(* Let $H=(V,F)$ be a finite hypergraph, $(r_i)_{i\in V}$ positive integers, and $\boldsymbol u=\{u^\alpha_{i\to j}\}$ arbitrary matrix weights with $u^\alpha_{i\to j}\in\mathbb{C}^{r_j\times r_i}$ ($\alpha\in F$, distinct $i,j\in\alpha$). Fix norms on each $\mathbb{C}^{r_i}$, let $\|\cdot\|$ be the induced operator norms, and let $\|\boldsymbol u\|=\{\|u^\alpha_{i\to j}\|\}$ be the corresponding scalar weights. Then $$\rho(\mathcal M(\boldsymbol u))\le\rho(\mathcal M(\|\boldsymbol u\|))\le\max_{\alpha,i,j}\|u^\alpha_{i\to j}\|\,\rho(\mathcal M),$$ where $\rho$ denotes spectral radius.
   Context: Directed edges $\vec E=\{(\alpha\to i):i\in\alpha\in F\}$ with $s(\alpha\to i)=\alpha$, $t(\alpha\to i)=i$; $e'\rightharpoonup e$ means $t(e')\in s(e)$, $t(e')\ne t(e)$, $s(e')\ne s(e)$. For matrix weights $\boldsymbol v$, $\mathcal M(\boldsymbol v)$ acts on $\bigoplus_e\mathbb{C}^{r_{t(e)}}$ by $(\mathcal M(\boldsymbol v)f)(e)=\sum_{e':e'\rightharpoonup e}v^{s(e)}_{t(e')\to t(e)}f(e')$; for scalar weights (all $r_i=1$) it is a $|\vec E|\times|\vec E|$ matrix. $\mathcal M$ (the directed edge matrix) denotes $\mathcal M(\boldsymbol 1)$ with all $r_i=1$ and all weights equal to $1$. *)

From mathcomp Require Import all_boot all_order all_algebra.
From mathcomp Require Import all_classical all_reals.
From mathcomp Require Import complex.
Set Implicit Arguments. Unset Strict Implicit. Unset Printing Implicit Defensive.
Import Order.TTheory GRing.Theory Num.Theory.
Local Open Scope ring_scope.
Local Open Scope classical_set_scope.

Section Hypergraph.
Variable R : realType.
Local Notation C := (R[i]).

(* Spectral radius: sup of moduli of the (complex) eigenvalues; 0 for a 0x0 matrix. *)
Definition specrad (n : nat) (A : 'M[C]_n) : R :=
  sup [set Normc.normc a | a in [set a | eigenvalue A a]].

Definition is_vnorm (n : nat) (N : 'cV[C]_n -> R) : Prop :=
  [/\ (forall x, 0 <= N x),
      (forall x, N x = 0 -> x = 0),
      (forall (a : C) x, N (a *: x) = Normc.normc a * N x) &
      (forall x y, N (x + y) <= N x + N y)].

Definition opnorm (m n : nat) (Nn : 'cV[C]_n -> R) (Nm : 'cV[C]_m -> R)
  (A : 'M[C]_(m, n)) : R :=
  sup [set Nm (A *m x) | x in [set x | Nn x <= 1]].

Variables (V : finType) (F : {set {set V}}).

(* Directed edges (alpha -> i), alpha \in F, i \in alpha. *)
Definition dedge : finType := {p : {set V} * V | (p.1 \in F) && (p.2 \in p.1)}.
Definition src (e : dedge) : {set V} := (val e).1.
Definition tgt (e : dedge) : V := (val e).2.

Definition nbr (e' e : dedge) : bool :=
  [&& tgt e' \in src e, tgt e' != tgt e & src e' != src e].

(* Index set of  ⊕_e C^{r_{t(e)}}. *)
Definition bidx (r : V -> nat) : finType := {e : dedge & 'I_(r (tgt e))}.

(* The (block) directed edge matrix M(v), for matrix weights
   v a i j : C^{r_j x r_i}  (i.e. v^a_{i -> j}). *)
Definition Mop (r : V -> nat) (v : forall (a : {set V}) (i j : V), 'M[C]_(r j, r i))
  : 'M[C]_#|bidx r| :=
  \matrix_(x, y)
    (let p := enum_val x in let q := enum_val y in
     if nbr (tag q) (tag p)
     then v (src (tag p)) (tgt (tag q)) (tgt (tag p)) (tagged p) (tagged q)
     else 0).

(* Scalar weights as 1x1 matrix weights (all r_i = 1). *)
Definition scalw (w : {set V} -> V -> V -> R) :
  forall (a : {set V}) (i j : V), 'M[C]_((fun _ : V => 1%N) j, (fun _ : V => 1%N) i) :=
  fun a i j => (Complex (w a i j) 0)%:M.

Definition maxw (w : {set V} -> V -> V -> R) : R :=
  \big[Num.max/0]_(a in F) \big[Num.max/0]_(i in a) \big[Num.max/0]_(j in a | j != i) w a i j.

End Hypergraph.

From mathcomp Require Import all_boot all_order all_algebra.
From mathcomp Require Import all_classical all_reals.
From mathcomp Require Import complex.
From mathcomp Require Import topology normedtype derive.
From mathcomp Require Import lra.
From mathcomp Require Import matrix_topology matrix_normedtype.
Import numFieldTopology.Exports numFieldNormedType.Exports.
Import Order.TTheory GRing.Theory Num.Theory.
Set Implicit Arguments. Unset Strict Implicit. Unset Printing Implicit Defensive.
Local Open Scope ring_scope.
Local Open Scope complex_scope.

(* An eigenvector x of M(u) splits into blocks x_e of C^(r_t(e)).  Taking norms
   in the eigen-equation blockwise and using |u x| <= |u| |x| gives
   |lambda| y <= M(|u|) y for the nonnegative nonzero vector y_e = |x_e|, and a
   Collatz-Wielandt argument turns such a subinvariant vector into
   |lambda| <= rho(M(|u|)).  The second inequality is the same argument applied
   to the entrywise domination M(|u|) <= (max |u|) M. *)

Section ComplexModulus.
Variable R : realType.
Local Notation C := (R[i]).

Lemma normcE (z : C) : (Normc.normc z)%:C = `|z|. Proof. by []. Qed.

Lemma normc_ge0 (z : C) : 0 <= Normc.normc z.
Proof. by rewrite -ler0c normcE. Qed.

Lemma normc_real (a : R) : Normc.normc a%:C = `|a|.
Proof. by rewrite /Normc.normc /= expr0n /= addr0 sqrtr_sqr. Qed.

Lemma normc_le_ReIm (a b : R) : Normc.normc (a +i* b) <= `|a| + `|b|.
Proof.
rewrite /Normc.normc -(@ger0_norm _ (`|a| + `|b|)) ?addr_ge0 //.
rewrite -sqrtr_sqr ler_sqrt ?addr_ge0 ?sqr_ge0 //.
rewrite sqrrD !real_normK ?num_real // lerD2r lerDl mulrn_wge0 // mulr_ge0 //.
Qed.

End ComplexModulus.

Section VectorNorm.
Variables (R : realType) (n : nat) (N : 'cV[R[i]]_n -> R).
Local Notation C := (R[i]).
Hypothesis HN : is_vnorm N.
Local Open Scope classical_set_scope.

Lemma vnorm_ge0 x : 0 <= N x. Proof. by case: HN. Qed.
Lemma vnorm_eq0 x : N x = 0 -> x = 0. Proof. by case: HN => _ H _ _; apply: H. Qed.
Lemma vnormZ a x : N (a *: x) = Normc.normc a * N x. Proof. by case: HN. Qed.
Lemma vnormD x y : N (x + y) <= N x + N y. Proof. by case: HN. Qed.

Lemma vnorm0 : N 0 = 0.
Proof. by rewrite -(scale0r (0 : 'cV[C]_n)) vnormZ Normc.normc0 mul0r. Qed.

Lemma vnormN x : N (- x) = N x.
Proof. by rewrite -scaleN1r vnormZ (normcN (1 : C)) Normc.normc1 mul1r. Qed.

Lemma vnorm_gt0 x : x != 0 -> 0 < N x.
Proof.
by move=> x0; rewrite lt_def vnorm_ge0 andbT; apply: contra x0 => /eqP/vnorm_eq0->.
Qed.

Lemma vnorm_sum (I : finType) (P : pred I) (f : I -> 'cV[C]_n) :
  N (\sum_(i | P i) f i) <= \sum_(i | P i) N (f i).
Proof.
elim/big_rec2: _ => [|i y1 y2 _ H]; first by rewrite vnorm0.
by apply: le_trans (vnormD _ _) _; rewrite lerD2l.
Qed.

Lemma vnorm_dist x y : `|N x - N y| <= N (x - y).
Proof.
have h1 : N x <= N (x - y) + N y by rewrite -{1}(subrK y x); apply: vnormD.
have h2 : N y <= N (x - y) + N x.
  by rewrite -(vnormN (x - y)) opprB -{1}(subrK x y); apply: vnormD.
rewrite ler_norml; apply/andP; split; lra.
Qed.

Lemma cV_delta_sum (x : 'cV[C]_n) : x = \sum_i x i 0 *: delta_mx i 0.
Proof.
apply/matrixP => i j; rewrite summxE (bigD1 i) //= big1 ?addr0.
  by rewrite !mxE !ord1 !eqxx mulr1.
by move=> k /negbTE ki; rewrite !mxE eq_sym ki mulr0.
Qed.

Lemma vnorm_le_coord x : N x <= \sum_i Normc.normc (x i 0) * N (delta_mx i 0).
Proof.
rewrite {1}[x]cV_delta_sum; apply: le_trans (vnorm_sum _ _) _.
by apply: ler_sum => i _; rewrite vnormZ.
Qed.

**ASSIGNMENT**
Using the records above, copy every line that has the word "ComplexModulus" in it.

**TASK OUTPUT**
Section ComplexModulus.
End ComplexModulus.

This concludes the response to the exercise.